WHAT YOU SHOULD DO.
Lines with "Section": please show every one of them from the listing below.
RECORD EXTRACTS: Begin
(* Let $k\ge 1$ and $n\ge 3$ be integers, let $\alpha<0$ be a real number, and let $G\in T_k(n)$. Then \[{}^0R_{\alpha}(G)\ge k(n-1)^{\alpha}+2(k+1)^{\alpha}+(n-k-2)(k+2)^{\alpha},\] and equality holds if and only if $G=K_k+P_{n-k}$.
   Context: All graphs are finite, simple, undirected and connected. For a graph $G$ and real $\alpha\neq 0$, the zeroth-order general Randić index is ${}^0R_{\alpha}(G)=\sum_{v\in V(G)}d(v)^{\alpha}$, where $d(v)$ is the degree of $v$. A connected graph $G$ is a $k$-generalized quasi tree if there is a subset $V_k\subset V(G)$ with $|V_k|=k$ such that $G-V_k$ is a tree, but for every subset $V_{k-1}\subset V(G)$ with $|V_{k-1}|=k-1$, $G-V_{k-1}$ is not a tree; the vertices of such a $V_k$ are called quasi vertices. $T_k(n)$ denotes the class of $k$-generalized quasi trees of order $n$. For vertex-disjoint graphs $G,H$, the join $G+H$ has vertex set $V(G)\cup V(H)$ and edge set $E(G)\cup E(H)\cup\{uv: u\in V(G), v\in V(H)\}$. $K_k$ is the complete graph on $k$ vertices and $P_m$ is the path on $m$ vertices. *)

From HB Require Import structures.
From mathcomp Require Import all_boot all_order all_algebra.
From mathcomp Require Import all_classical all_reals all_analysis.
Set Implicit Arguments. Unset Strict Implicit. Unset Printing Implicit Defensive.
Import Order.TTheory GRing.Theory Num.Theory.

Definition simple_graph (T : finType) (e : rel T) : Prop :=
  symmetric e /\ irreflexive e.

Definition connected_graph (T : finType) (e : rel T) : Prop :=
  forall x y : T, connect e x y.

Definition deg (T : finType) (e : rel T) (v : T) : nat := #|[pred y | e v y]|.

Definition randic0 (R : realType) (T : finType) (e : rel T) (alpha : R) : R :=
  (\sum_(v : T) ((deg e v)%:R `^ alpha))%R.

Definition induced (T : finType) (e : rel T) (S : {set T}) : rel T :=
  [rel x y | [&& x \in S, y \in S & e x y]].

Definition has_cycle (T : finType) (e : rel T) (S : {set T}) : Prop :=
  exists s : seq T, [/\ all (mem S) s, uniq s, 2 < size s & cycle e s].

Definition is_tree_on (T : finType) (e : rel T) (S : {set T}) : Prop :=
  [/\ (0 < #|S|)%N,
      (forall x y, x \in S -> y \in S -> connect (induced e S) x y)
    & ~ has_cycle e S].

Definition tree_after_removal (T : finType) (e : rel T) (V : {set T}) : Prop :=
  is_tree_on e (~: V).

Definition gen_quasi_tree (T : finType) (e : rel T) (k : nat) : Prop :=
  connected_graph e /\
  (exists V : {set T}, #|V| = k /\ tree_after_removal e V) /\
  (forall W : {set T}, #|W| = k.-1 -> ~ tree_after_removal e W).

Definition complete_graph (k : nat) : rel 'I_k := fun i j => i != j.
Definition path_graph (m : nat) : rel 'I_m :=
  fun i j => (i.+1 == j :> nat) || (j.+1 == i :> nat).

Definition graph_join (T1 T2 : finType) (e1 : rel T1) (e2 : rel T2) :
    rel (T1 + T2)%type :=
  fun u v => match u, v with
             | inl a, inl b => e1 a b
             | inr a, inr b => e2 a b
             | _, _ => true
             end.

Definition isomorphic (T1 T2 : finType) (e1 : rel T1) (e2 : rel T2) : Prop :=
  exists f : T1 -> T2, bijective f /\ forall x y, e1 x y = e2 (f x) (f y).
Arguments complete_graph : clear implicits.
Arguments path_graph : clear implicits.

From Pilot Require Import Defs.
From HB Require Import structures.
From mathcomp Require Import all_boot all_order all_algebra.
From mathcomp Require Import all_classical all_reals all_analysis.
Import Order.TTheory GRing.Theory Num.Theory.
From mathcomp Require Import ring lra zify.

(* Let V be a set of k quasi vertices, so that the remaining m = n - k vertices
   induce a tree; minimality of k forces m >= 2.  A quasi vertex has degree at
   most n - 1 and contributes at least (n - 1)^alpha.  A tree vertex v has degree
   at most k + d v, where d v is its degree inside the tree; since
   d |-> (k + d)^alpha is strictly convex it lies above its secant through
   d = 1, 2, with equality only there, and summing these secant bounds with
   sum d v <= 2 (m - 1) yields 2 (k + 1)^alpha + (m - 2) (k + 2)^alpha.
   Equality forces every quasi vertex to be adjacent to all other vertices and
   the tree to have maximum degree 2, i.e. to be a path: G = K_k + P_(n-k). *)

Section ConvexSequence.
Local Open Scope ring_scope.
Context {R : realFieldType} {u : nat -> R}.
Hypothesis u_convex : forall j, 2 * u j.+1 < u j + u j.+2.

Lemma convex_increment_lt i j : (i < j)%N -> u i.+1 - u i < u j.+1 - u j.
Proof.
elim: j => // j IH; rewrite ltnS leq_eqVlt => /orP[/eqP->|/IH];
  have := u_convex j; lra.
Qed.

Lemma convex_secant_leif d :
  u 1 + (d%:R - 1) * (u 2 - u 1) <= u d ?= iff ((d == 1) || (d == 2))%N.
Proof.
have above_secant m : u 2 + m.+1%:R * (u 2 - u 1) < u m.+3.
  elim: m => [|m IH]; first by have := u_convex 1; lra.
  have := @convex_increment_lt 1 m.+3 isT; rewrite mulrS; lra.
apply/leifP; case: d => [|[|[|d]]] /=; first by have := u_convex 0; lra.
- by rewrite subrr mul0r addr0.
- by apply/eqP; rewrite mulrS; ring.
- by have := above_secant d; rewrite !mulrS; lra.
Qed.

End ConvexSequence.

Section NegativePower.
Local Open Scope ring_scope.
Context {R : realType} {alpha : R}.
Hypothesis alpha_lt0 : alpha < 0.

Lemma powR_lt_neg (x y : R) : 0 < x -> x < y -> y `^ alpha < x `^ alpha.
Proof.
move=> x_gt0 xy; have y_gt0 := lt_trans x_gt0 xy.
have nalpha_gt0 : 0 < - alpha by rewrite oppr_gt0.
rewrite -(opprK alpha) (powRN x) (powRN y) ltf_pV2 ?posrE ?powR_gt0 //.
exact: (gt0_ltr_powR nalpha_gt0 (ltW x_gt0) (ltW y_gt0) xy).
Qed.

Local Notation w d := ((d : nat)%:R `^ alpha).

Lemma natpowR_leif a b : (0 < a)%N -> (a <= b)%N -> w b <= w a ?= iff (a == b).
Proof.
move=> a_gt0; rewrite leq_eqVlt => /orP[/eqP->|ab]; first exact/leif_refl.
apply/leifP; rewrite ltn_eqF //.
by apply: powR_lt_neg; rewrite ?ltr0n ?ltr_nat.
Qed.
Lemma poisson_commutant0 : P 0.
Proof. by move=> a; exact: linear0. Qed.

Lemma poisson_commutant_lin (c : K) x y : P x -> P y -> P (c *: x + y).
Proof. by move=> Px Py a; rewrite linearP /= Px Py scaler0 addr0. Qed.

Variables (sigma : nat -> B -> B -> B) (Phi : nat -> A -> B).
Hypothesis sigma_lin : forall i z, linear (sigma i z).
Hypotheses (sigma0 : forall x y, sigma 0%N x y = sig0 x y) (Phi0 : forall x, Phi 0%N x = phi0 x).
Local Notation C := (series_commutant sigma Phi).

Lemma series_commutant_sub c d : C c -> C d -> C (fun k => c k - d k).
Proof. by move=> Cc Cd a n; rewrite sbr_subr // Cc Cd subrr. Qed.

Lemma series_commutant_lowest c n : C c -> (forall k, (k < n)%N -> c k = 0) -> P (c n).
Proof.
move=> Cc c_low y; have := Cc (cst y) n.
by rewrite sbr_lowest // sigma0 /sapply big_ord1 Phi0.
Qed.

Hypothesis K_char0 : [pchar K] =i pred0.
Variables X' X'' : nat -> B -> B.
Hypotheses (X'0 : forall x, X' 0%N x = 0) (X'_der : forall k, derivation (X' k)).
Hypotheses (X''0 : forall x, X'' 0%N x = 0) (X''_der : forall k, derivation (X'' k)).
Hypothesis X'_comm : forall a, ser_in P a -> C (sapply (sexp X') a).
Hypothesis X''_comm : forall a, ser_in P a -> C (sapply (sexp X'') a).

Lemma sexp_factor_commutant : exists xi, lam_der_on P xi /\
  forall a n, sapply (sexp X') a n = sapply (sexp X'') (sapply (sexp xi) a) n.
Proof.
have E'_lin := sexp_lin (fun k => (X'_der k).1).
have E''_lin := sexp_lin (fun k => (X''_der k).1).
pose T := squot (sexp X'') (sexp X').
have T_lin : forall k, linear (T k) := squot_lin E''_lin (sexp0 X'') E'_lin.
have T0 x : T 0%N x = x by rewrite /T (squot0 _ (sexp0 X'')) sexp0.
have T_mul : smultiplicative T.
  apply: squot_smultiplicative (sexp0 X'') _ (sexp_smultiplicative X'_der K_char0 X'0).
  exact: sexp_smul X''_der K_char0 X''0.
have T_closed k x : P x -> P (T k x).
  apply: (squot_closed (sexp0 X'') E'_lin poisson_commutant0 series_commutant_sub _
    X''_comm X'_comm).
  exact: series_commutant_lowest.
exists (slog T); split.
  apply: lam_der_onP => [x|k|k x Px]; first exact: slog0.
    exact: (slog_derivation K_char0 T_lin T0 T_mul).
  exact: slog_closed poisson_commutant0 poisson_commutant_lin T_closed k x Px.
move=> a n; rewrite -(sapply_squot (sexp X') E''_lin (sexp0 X'')); apply: eq_sapply_le => k _.
by apply: eq_bigr => i _; rewrite sexp_slog.
Qed.

End Commutant.

Lemma sbr_morph_of_factor (K : fieldType) (B : comAlgType K) (P : B -> Prop)
    (pi' pi'' sigma : nat -> B -> B -> B) (E' E'' Xi : nat -> B -> B) :
  (forall x, E'' 0%N x = x) ->
  (forall a n, sapply E' a n = sapply E'' (sapply Xi a) n) ->
  (forall a, ser_in P a -> ser_in P (sapply Xi a)) ->
  fps_poisson_morph_on P pi' sigma E' -> fps_poisson_morph_on P pi'' sigma E'' ->
  forall a b, ser_in P a -> ser_in P b ->
  forall n, sapply Xi (sbr pi' a b) n = sbr pi'' (sapply Xi a) (sapply Xi b) n.
Proof.
move=> E''0 factor Xi_closed [_ E'_morph] [_ E''_morph] a b Pa Pb.
apply: (sapply_inj E''0) => n.
rewrite -factor (E'_morph a b Pa Pb n).2 (E''_morph _ _ (Xi_closed a Pa) (Xi_closed b Pb) n).2.
by apply: eq_sbr_le => k _; exact: factor.
Qed.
RECORD EXTRACTS: End
REPLY TO THE TASK.
Section ConvexSequence.
Section NegativePower.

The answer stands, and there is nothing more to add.